Fast forward a decade, and here I am — deep in conversations with Legal about ASIC and APRA reports, throwing around words like lineage, controls, and reconciliation with the same excitement I once had for shiny new tech. Who knew my thrill for “next-gen tools” would one day be replaced by chasing why a number doesn’t tie out? (Don’t get me wrong — new tech still makes my heart race!) Turns out, understanding how a bank really runs makes you appreciate why regulators exist — and why a strong data foundation isn’t a “nice-to-have,” it’s non-negotiable.

In banking, data isn’t just information — it’s evidence. Every field, every transaction, every number that shows up in a report needs to tell a defensible story.

🏦 Why Data Quality Is the Bank’s Lifeline ?

When preparing ASIC reports or APRA submissions, you can’t rely on best guesses or manual reconciliations. Frameworks like BCOP and Basel III aren’t just checklists — they’re the unsung rulebooks that keep banks from turning into financial thrill rides. Basel III keeps our risk-taking in check, while BCOP ensures operational controls are airtight.

Because let’s be honest — when a regulator asks, “Where did this number come from?”, replying with “I think it’s from the old system… maybe?” doesn’t quite inspire confidence.
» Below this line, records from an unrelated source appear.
(* Since |m| > (1 + sqrt 2) b / 2 forces m <> 0 and b < 2 |m| - 1, moving m one unit
   towards 0 gives a flux l whose potential is strictly smaller than that of m on [0, delta].

   Writing p = w v', the eigenvalue problem becomes a first-order linear system, solved
   for every energy E from y(0) = 1, p(0) = -1 by summing its Picard series.  An
   eigenfunction of H_m for lambda_1(H_m) cannot vanish at 0 (its energy y^2 + p^2 would
   vanish identically by Gronwall), so after normalisation it is such a solution vanishing
   at delta.  By Sturm comparison the solution for the smaller potential of l at the same
   energy turns nonpositive inside (0, delta).  It stays positive for very negative
   energies and depends continuously on E, so at the supremum E* of the energies below
   which all solutions stay positive, the solution is nonnegative and vanishes, and only
   at delta since a nonnegative solution has no interior double zero.  Thus E* < lambda_1(H_m)
   is an eigenvalue of H_l, and inf_l lambda_1(H_l) <= lambda_1(H_l) <= E*. *)

From Stdlib Require Import Reals ZArith Lra Lia Psatz Classical Ranalysis5.
From Coquelicot Require Import Coquelicot.
Open Scope R_scope.

Lemma le_of_deriv_nonneg (g g' : R -> R) (a b : R) :
  a <= b -> (forall s, a <= s <= b -> derivable_pt_lim g s (g' s)) ->
  (forall s, a <= s <= b -> 0 <= g' s) -> g a <= g b.
Proof.
  intros hab hd hpos. destruct (Req_dec a b) as [<- | hne]; [lra |].
  destruct (MVT_cor2 g g' a b) as [c [hc hac]]; [lra | exact hd |].
  assert (0 <= g' c) by (apply hpos; lra). nra.
Qed.

Lemma abs_sub_le_of_deriv_dominated (F f G g : R -> R) (a b : R) :
  a <= b -> (forall s, a <= s <= b -> derivable_pt_lim F s (f s)) ->
  (forall s, a <= s <= b -> derivable_pt_lim G s (g s)) ->
  (forall s, a <= s <= b -> Rabs (f s) <= g s) -> Rabs (F b - F a) <= G b - G a.
Proof.
  intros hab hF hG hfg.
  assert (hminus : G a - F a <= G b - F b).
  { apply (le_of_deriv_nonneg (fun s => G s - F s) (fun s => g s - f s)); [exact hab | |].
    - intros s hs. apply derivable_pt_lim_minus; auto.
    - intros s hs. pose proof (proj1 (Rabs_le_between _ _) (hfg s hs)). lra. }
  assert (hplus : G a + F a <= G b + F b).
  { apply (le_of_deriv_nonneg (fun s => G s + F s) (fun s => g s + f s)); [exact hab | |].
    - intros s hs. apply derivable_pt_lim_plus; auto.
    - intros s hs. pose proof (proj1 (Rabs_le_between _ _) (hfg s hs)). lra. }
  apply Rabs_le_between. lra.
Qed.

Lemma abs_le_of_deriv_abs_le_pow_nonneg (F f : R -> R) (C : R) (k : nat) :
  F 0 = 0 -> (forall s, derivable_pt_lim F s (f s)) ->
  (forall s, Rabs (f s) <= C * Rabs s ^ k) ->
  forall t, 0 <= t -> Rabs (F t) <= C * t ^ S k / INR (S k).
Proof.
  intros hF0 hF hf t ht.
  assert (hk : INR (S k) <> 0) by (apply not_0_INR; lia).
  pose proof (abs_sub_le_of_deriv_dominated F f
    (fun s => C / INR (S k) * s ^ S k) (fun s => C * s ^ k) 0 t ht) as H.
  rewrite hF0, Rminus_0_r in H.
  replace (C * t ^ S k / INR (S k)) with (C / INR (S k) * t ^ S k - C / INR (S k) * 0 ^ S k)
    by (simpl; field; exact hk).
  apply H; intros s hs.
  - apply hF.
  - replace (C * s ^ k) with (C / INR (S k) * (INR (S k) * s ^ pred (S k)))
      by (simpl pred; field; exact hk).
    apply (derivable_pt_lim_scal (fun s => s ^ S k)), derivable_pt_lim_pow.
  - rewrite <- (Rabs_right s) at 2 by lra. apply hf.
Qed.

Lemma abs_le_of_deriv_abs_le_pow (F f : R -> R) (C : R) (k : nat) :
  F 0 = 0 -> (forall s, derivable_pt_lim F s (f s)) ->
  (forall s, Rabs (f s) <= C * Rabs s ^ k) ->
  forall t, Rabs (F t) <= C * Rabs t ^ S k / INR (S k).
Proof.
  intros hF0 hF hf t.
  destruct (Rle_or_lt 0 t) as [ht | ht].
  - rewrite (Rabs_right t) by lra. exact (abs_le_of_deriv_abs_le_pow_nonneg F f C k hF0 hF hf t ht).
  - rewrite (Rabs_left t) by lra.
    assert (hG0 : (fun s => F (- s)) 0 = 0) by (cbv beta; rewrite Ropp_0; exact hF0).
    assert (hG : forall s, derivable_pt_lim (fun s => F (- s)) s (- f (- s))).
    { intros s. replace (- f (- s)) with (f (- s) * -1) by ring.
      apply (derivable_pt_lim_comp (fun s => - s) F).
      - apply (derivable_pt_lim_opp (fun s => s)), derivable_pt_lim_id.
      - apply hF. }
    assert (hg : forall s, Rabs (- f (- s)) <= C * Rabs s ^ k).
    { intros s. rewrite Rabs_Ropp, <- (Rabs_Ropp s). apply hf. }
    pose proof (abs_le_of_deriv_abs_le_pow_nonneg _ _ C k hG0 hG hg (- t)) as H.
    cbv beta in H. rewrite Ropp_involutive in H. apply H. lra.
Qed.

(** * Linear systems with bounded continuous coefficients *)

Lemma abs_le_pow_fact_succ (F f g : R -> R) (K M : R) (n : nat) :
  F 0 = 0 -> (forall s, derivable_pt_lim F s (f s * g s)) ->
  (forall s, Rabs (f s) <= M) ->
  (forall s, Rabs (g s) <= K * (M * Rabs s) ^ n / INR (fact n)) ->
  forall t, Rabs (F t) <= K * (M * Rabs t) ^ S n / INR (fact (S n)).
Proof.
  intros hF0 hF hf hg t.
  assert (hM : 0 <= M) by (pose proof (hf 0); pose proof (Rabs_pos (f 0)); lra).
  assert (hfact : INR (fact n) <> 0) by apply INR_fact_neq_0.
  assert (hn : INR (S n) <> 0) by (apply not_0_INR; lia).
  replace (K * (M * Rabs t) ^ S n / INR (fact (S n)))
    with (K * M ^ S n / INR (fact n) * Rabs t ^ S n / INR (S n))
    by (change (fact (S n)) with (S n * fact n)%nat;
        rewrite mult_INR, Rpow_mult_distr; field; split; assumption).
  apply (abs_le_of_deriv_abs_le_pow F (fun s => f s * g s)); [exact hF0 | exact hF |].
  intros s. rewrite Rabs_mult.
  apply (Rle_trans _ (M * (K * (M * Rabs s) ^ n / INR (fact n)))).
  - apply Rmult_le_compat; [apply Rabs_pos | apply Rabs_pos | apply hf | apply hg].
  - right. rewrite Rpow_mult_distr. simpl. field. exact hfact.
Qed.

Lemma exp_series_abs_cv (K x : R) : 0 <= K -> 0 <= x ->
  Un_cv (fun n => sum_f_R0 (fun k => Rabs (K * x ^ k / INR (fact k))) n) (K * exp x).
Proof.
  intros hK hx.
  apply (Un_cv_ext (fun n => K * sum_f_R0 (fun k => / INR (fact k) * x ^ k) n)).
  - intros n. rewrite scal_sum. apply sum_eq. intros k _.
    rewrite Rabs_right; [field; apply INR_fact_neq_0 |].
    apply Rle_ge, Rmult_le_pos; [apply Rmult_le_pos, pow_le; assumption |].
    apply Rlt_le, Rinv_0_lt_compat, INR_fact_lt_0.
  - apply (CV_mult (fun _ => K)); [intros eps heps; exists 0%nat; intros n _;
      rewrite R_dist_eq; exact heps |].
    exact (proj2_sig (exist_exp x)).
Qed.

Lemma CVN_R_of_exp_bound (fn : nat -> R -> R) (K M : R) : 0 <= K -> 0 <= M ->
  (forall n t, Rabs (fn n t) <= K * (M * Rabs t) ^ n / INR (fact n)) -> CVN_R fn.
Proof.
  intros hK hM hfn r.
  exists (fun k => K * (M * r) ^ k / INR (fact k)), (K * exp (M * r)). split.
  - apply exp_series_abs_cv; [exact hK | pose proof (cond_pos r); nra].
  - intros n t ht. unfold Boule in ht. rewrite Rminus_0_r in ht.
    eapply Rle_trans; [apply hfn |].
    apply Rmult_le_compat_r; [apply Rlt_le, Rinv_0_lt_compat, INR_fact_lt_0 |].
    apply Rmult_le_compat_l; [exact hK |]. apply pow_incr.
    split; [apply Rmult_le_pos; [exact hM | apply Rabs_pos] |].
    apply Rmult_le_compat_l; lra.
Qed.

Lemma CVU_mult_bounded_l (fn : nat -> R -> R) (f a : R -> R) (M x : R) (r : posreal) :
  (forall y, Rabs (a y) <= M) -> CVU fn f x r ->
  CVU (fun n y => a y * fn n y) (fun y => a y * f y) x r.
Proof.
  intros ha hcvu eps heps.
  assert (hM : 0 <= M) by (pose proof (ha 0); pose proof (Rabs_pos (a 0)); lra).
  destruct (hcvu (eps / (M + 1))) as [N HN]; [apply Rdiv_lt_0_compat; lra |].
  exists N. intros n y hn hy.
  rewrite <- Rmult_minus_distr_l, Rabs_mult.
  apply (Rle_lt_trans _ ((M + 1) * Rabs (f y - fn n y))).
  - apply Rmult_le_compat_r; [apply Rabs_pos | pose proof (ha y); lra].
  - replace eps with ((M + 1) * (eps / (M + 1))) by (field; lra).
    apply Rmult_lt_compat_l; [lra | apply HN; assumption].
Qed.

Lemma SFL_cv (fn : nat -> R -> R) cv t : Un_cv (fun N => SP fn N t) (SFL fn cv t).
Proof. unfold SFL. destruct (cv t) as [l hl]. exact hl. Qed.

Lemma SFL_of_vanishing_tail (fn : nat -> R -> R) cv t :
  (forall n, fn (S n) t = 0) -> SFL fn cv t = fn O t.
Proof.
  intros h0. apply (UL_sequence (fun N => SP fn N t)); [apply SFL_cv |].
  apply (Un_cv_ext (fun _ => fn O t)).
  - intros n. induction n as [| n IH]; [reflexivity |].
    unfold SP in *. simpl. rewrite <- IH, h0. ring.
  - intros eps heps. exists 0%nat. intros n _. rewrite R_dist_eq. exact heps.
Qed.

Lemma derivable_pt_lim_SFL (u q : nat -> R -> R) (a : R -> R) (M : R)
    (Nu : CVN_R u) (Nq : CVN_R q) :
  continuity a -> (forall t, Rabs (a t) <= M) -> (forall n, continuity (q n)) ->
  (forall t, derivable_pt_lim (u O) t 0) ->
  (forall n t, derivable_pt_lim (u (S n)) t (a t * q n t)) ->
  forall t, derivable_pt_lim (SFL u (CVN_R_CVS u Nu)) t (a t * SFL q (CVN_R_CVS q Nq) t).
Proof.
  intros ha haM hq hu0 hu t.
  assert (hpartial : forall n y, derivable_pt_lim (SP u (S n)) y (a y * SP q n y)).
  { intros n y. induction n as [| n IH].
    - replace (a y * SP q 0 y) with (0 + a y * q O y) by (unfold SP; simpl; ring).
      apply (derivable_pt_lim_plus (u O) (u 1%nat)); auto.
    - replace (a y * SP q (S n) y) with (a y * SP q n y + a y * q (S n) y)
        by (unfold SP; simpl; ring).
      apply (derivable_pt_lim_plus (SP u (S n)) (u (S (S n)))); auto. }
  assert (hr : 0 < Rabs t + 1) by (pose proof (Rabs_pos t); lra).
  set (r := mkposreal _ hr).
  apply (derivable_pt_lim_CVU (fun n => SP u (S n)) (fun n y => a y * SP q n y)
    (SFL u (CVN_R_CVS u Nu)) (fun y => a y * SFL q (CVN_R_CVS q Nq) y) t 0 r).
  - unfold Boule. rewrite Rminus_0_r. simpl. lra.
  - intros y n _. apply hpartial.
  - intros y _. apply (Un_cv_ext (fun n => SP u (n + 1) y)).
    + intros n. rewrite Nat.add_1_r. reflexivity.
    + apply CV_shift', SFL_cv.
  - apply (CVU_mult_bounded_l _ _ a M); [exact haM | apply CVN_CVU, Nq].
  - intros y hy. apply continuity_pt_mult; [apply ha |].
    apply (SFL_continuity_pt _ _ r (Nq r)); [| exact hy].
    intros n z _. apply hq.
Qed.

Lemma derivable_pt_lim_RInt_0 (f : R -> R) : continuity f ->
  forall t, derivable_pt_lim (fun t => RInt f 0 t) t (f t).
Proof.
  intros hf t. apply is_derive_Reals, (is_derive_RInt f _ 0 t).
  - apply filter_forall. intros x.
    apply (RInt_correct (V := R_CompleteNormedModule)),
      (ex_RInt_continuous (V := R_CompleteNormedModule)).
    intros z _. apply continuity_pt_filterlim, hf.
  - apply continuity_pt_filterlim, hf.
Qed.

Section LinearSystem.

Variables (a c : R -> R) (M y0 p0 : R).
Hypotheses (ha : continuity a) (hc : continuity c)
  (haM : forall t, Rabs (a t) <= M) (hcM : forall t, Rabs (c t) <= M).

Fixpoint picard_terms (n : nat) : (R -> R) * (R -> R) :=
  match n with
  | O => (fun _ => y0, fun _ => p0)
  | S k => (fun t => RInt (fun s => a s * snd (picard_terms k) s) 0 t,
            fun t => RInt (fun s => c s * fst (picard_terms k) s) 0 t)
  end.

Definition picard_y (n : nat) : R -> R := fst (picard_terms n).
Definition picard_p (n : nat) : R -> R := snd (picard_terms n).

Lemma picard_terms_continuous n : continuity (picard_y n) /\ continuity (picard_p n).
Proof.
  induction n as [| n [IHy IHp]].
  - split; apply continuity_const; intros x x'; reflexivity.
  - split; intros t; apply derivable_continuous_pt.
    + exists (a t * picard_p n t).
      apply (derivable_pt_lim_RInt_0 (fun s => a s * picard_p n s)), continuity_mult; assumption.
    + exists (c t * picard_y n t).
      apply (derivable_pt_lim_RInt_0 (fun s => c s * picard_y n s)), continuity_mult; assumption.
Qed.

Lemma picard_terms_derive n t :
  derivable_pt_lim (picard_y (S n)) t (a t * picard_p n t) /\
  derivable_pt_lim (picard_p (S n)) t (c t * picard_y n t).
Proof.
  destruct (picard_terms_continuous n) as [hy hp]. split.
  - apply (derivable_pt_lim_RInt_0 (fun s => a s * picard_p n s)), continuity_mult; assumption.
  - apply (derivable_pt_lim_RInt_0 (fun s => c s * picard_y n s)), continuity_mult; assumption.
Qed.

Lemma picard_terms_at_0 n : picard_y (S n) 0 = 0 /\ picard_p (S n) 0 = 0.
Proof.
  unfold picard_y, picard_p. cbn [picard_terms fst snd].
  rewrite !(RInt_point (V := R_CompleteNormedModule)). split; reflexivity.
Qed.

Lemma picard_terms_bound n t :
  Rabs (picard_y n t) <= (Rabs y0 + Rabs p0) * (M * Rabs t) ^ n / INR (fact n) /\
  Rabs (picard_p n t) <= (Rabs y0 + Rabs p0) * (M * Rabs t) ^ n / INR (fact n).
Proof.
  revert t. induction n as [| n IH]; intros t.
  - change ((M * Rabs t) ^ 0 / INR (fact 0)) with (1 / 1).
    unfold picard_y, picard_p. cbn [picard_terms fst snd].
    pose proof (Rabs_pos y0). pose proof (Rabs_pos p0).
    rewrite Rdiv_1_r, Rmult_1_r. split; lra.
  - destruct (picard_terms_at_0 n) as [hy0 hp0].
    split.
    + apply (abs_le_pow_fact_succ (picard_y (S n)) a (picard_p n)); [exact hy0 | | exact haM |].
      * intros s. exact (proj1 (picard_terms_derive n s)).
      * intros s. exact (proj2 (IH s)).
    + apply (abs_le_pow_fact_succ (picard_p (S n)) c (picard_y n)); [exact hp0 | | exact hcM |].
      * intros s. exact (proj2 (picard_terms_derive n s)).
      * intros s. exact (proj1 (IH s)).
Qed.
⚙️ What I’ve Learned (and Laughed About) Along the Way

Here’s the thing I’ve realised — you can have all the fancy tools in the world (Databricks, Fabric, Synapse, Glue, Starburst — pick your fighter). Believe me, I’ve dated most of them. But no matter how shiny the tech, your data won’t behave unless you actually know it, love it, and occasionally discipline it. But unless you know your data, it’ll still ghost you at the worst possible time. If your foundation’s shaky, compliance turns into an endless game of data Jenga — one wrong move and the whole thing collapses.

I’ve seen projects struggle not because of bad tech — but because no one knew what their own data was trying to say.

No tool can fix a relationship problem between you and your data — you’ve got to spend time together, learn its quirks, and stop pretending that “Final_v3_***.xlsx” is a stable version.

A strong data foundation saves you from:

• The eternal Excel chaos: “Final_v3_***.xlsx”
• Late-night “quick fixes” that break 10 other reports
• The sinking feeling when Legal says, “Can you trace that back to source?”

No tool, CI/CD pipeline, or fancy framework can rescue you from that — only truly knowing, loving, and taming your data does. Once you’ve lived through that, you never underestimate the power of clean, governed, and traceable data — or the peace of mind that comes with it.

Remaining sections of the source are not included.